## Stored data entries:
<<<<

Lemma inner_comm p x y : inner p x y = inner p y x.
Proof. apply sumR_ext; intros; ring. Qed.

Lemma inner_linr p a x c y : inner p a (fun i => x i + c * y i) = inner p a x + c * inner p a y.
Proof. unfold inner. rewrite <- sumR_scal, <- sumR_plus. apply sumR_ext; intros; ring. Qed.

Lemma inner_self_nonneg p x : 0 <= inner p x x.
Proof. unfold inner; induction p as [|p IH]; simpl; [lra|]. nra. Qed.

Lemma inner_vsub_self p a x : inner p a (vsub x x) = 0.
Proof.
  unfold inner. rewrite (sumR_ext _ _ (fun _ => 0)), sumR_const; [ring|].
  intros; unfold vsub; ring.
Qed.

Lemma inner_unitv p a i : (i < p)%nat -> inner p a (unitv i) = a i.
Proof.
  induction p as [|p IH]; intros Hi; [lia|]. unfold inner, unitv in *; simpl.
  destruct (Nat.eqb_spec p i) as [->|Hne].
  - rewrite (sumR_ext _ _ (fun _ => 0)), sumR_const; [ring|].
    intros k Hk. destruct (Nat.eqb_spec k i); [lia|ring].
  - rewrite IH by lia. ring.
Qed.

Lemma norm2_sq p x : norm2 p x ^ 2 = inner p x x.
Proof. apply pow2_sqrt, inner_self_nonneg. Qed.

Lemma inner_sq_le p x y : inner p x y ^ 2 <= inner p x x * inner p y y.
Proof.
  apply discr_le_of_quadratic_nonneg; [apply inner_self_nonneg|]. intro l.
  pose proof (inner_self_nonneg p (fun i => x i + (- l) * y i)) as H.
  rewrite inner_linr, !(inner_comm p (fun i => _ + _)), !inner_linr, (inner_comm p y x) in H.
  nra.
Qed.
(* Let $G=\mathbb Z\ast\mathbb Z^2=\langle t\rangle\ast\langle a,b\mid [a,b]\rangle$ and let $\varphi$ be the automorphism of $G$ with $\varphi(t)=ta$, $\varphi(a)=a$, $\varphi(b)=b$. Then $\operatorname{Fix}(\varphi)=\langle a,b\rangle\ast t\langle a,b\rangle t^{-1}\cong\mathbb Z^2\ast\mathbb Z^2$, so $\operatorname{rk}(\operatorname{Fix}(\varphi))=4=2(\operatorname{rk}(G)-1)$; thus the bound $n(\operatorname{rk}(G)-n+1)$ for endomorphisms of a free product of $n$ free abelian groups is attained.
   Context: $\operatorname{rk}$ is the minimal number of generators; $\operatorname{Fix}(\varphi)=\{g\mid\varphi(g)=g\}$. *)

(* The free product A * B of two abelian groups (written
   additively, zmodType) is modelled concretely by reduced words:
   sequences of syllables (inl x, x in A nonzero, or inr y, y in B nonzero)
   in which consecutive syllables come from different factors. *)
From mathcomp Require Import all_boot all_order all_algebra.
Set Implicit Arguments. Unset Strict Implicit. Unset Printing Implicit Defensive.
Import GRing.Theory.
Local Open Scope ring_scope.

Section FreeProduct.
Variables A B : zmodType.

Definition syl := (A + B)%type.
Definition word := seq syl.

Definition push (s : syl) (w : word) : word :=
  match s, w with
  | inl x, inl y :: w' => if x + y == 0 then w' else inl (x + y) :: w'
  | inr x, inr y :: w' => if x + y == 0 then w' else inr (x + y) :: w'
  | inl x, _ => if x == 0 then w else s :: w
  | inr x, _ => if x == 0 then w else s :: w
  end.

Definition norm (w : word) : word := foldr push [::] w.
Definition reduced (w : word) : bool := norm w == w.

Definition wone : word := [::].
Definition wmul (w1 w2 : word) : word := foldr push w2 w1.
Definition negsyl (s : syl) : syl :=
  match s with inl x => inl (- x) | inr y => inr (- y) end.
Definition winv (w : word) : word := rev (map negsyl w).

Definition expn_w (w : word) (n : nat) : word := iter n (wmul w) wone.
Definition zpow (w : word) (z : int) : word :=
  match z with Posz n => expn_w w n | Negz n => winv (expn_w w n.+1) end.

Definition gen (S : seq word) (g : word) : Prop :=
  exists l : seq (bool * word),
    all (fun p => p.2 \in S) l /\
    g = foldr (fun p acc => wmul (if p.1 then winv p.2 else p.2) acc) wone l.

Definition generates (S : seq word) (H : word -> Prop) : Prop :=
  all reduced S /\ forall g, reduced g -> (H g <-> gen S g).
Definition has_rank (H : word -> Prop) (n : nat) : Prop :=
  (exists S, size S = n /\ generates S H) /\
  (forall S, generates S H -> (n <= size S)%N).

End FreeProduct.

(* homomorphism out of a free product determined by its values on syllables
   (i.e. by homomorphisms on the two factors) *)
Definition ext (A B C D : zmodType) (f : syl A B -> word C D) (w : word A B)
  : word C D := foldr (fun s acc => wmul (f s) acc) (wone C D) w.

>>>>

## DIRECTIONS FOR THIS TASK:
Nothing but the lines from the first line of the data through the line with "Lemma inner_self_nonneg p" should be returned, exactly as they appear, both ends included.

## WRITTEN RESPONSE:
Lemma inner_comm p x y : inner p x y = inner p y x.
Proof. apply sumR_ext; intros; ring. Qed.

Lemma inner_linr p a x c y : inner p a (fun i => x i + c * y i) = inner p a x + c * inner p a y.
Proof. unfold inner. rewrite <- sumR_scal, <- sumR_plus. apply sumR_ext; intros; ring. Qed.

Lemma inner_self_nonneg p x : 0 <= inner p x x.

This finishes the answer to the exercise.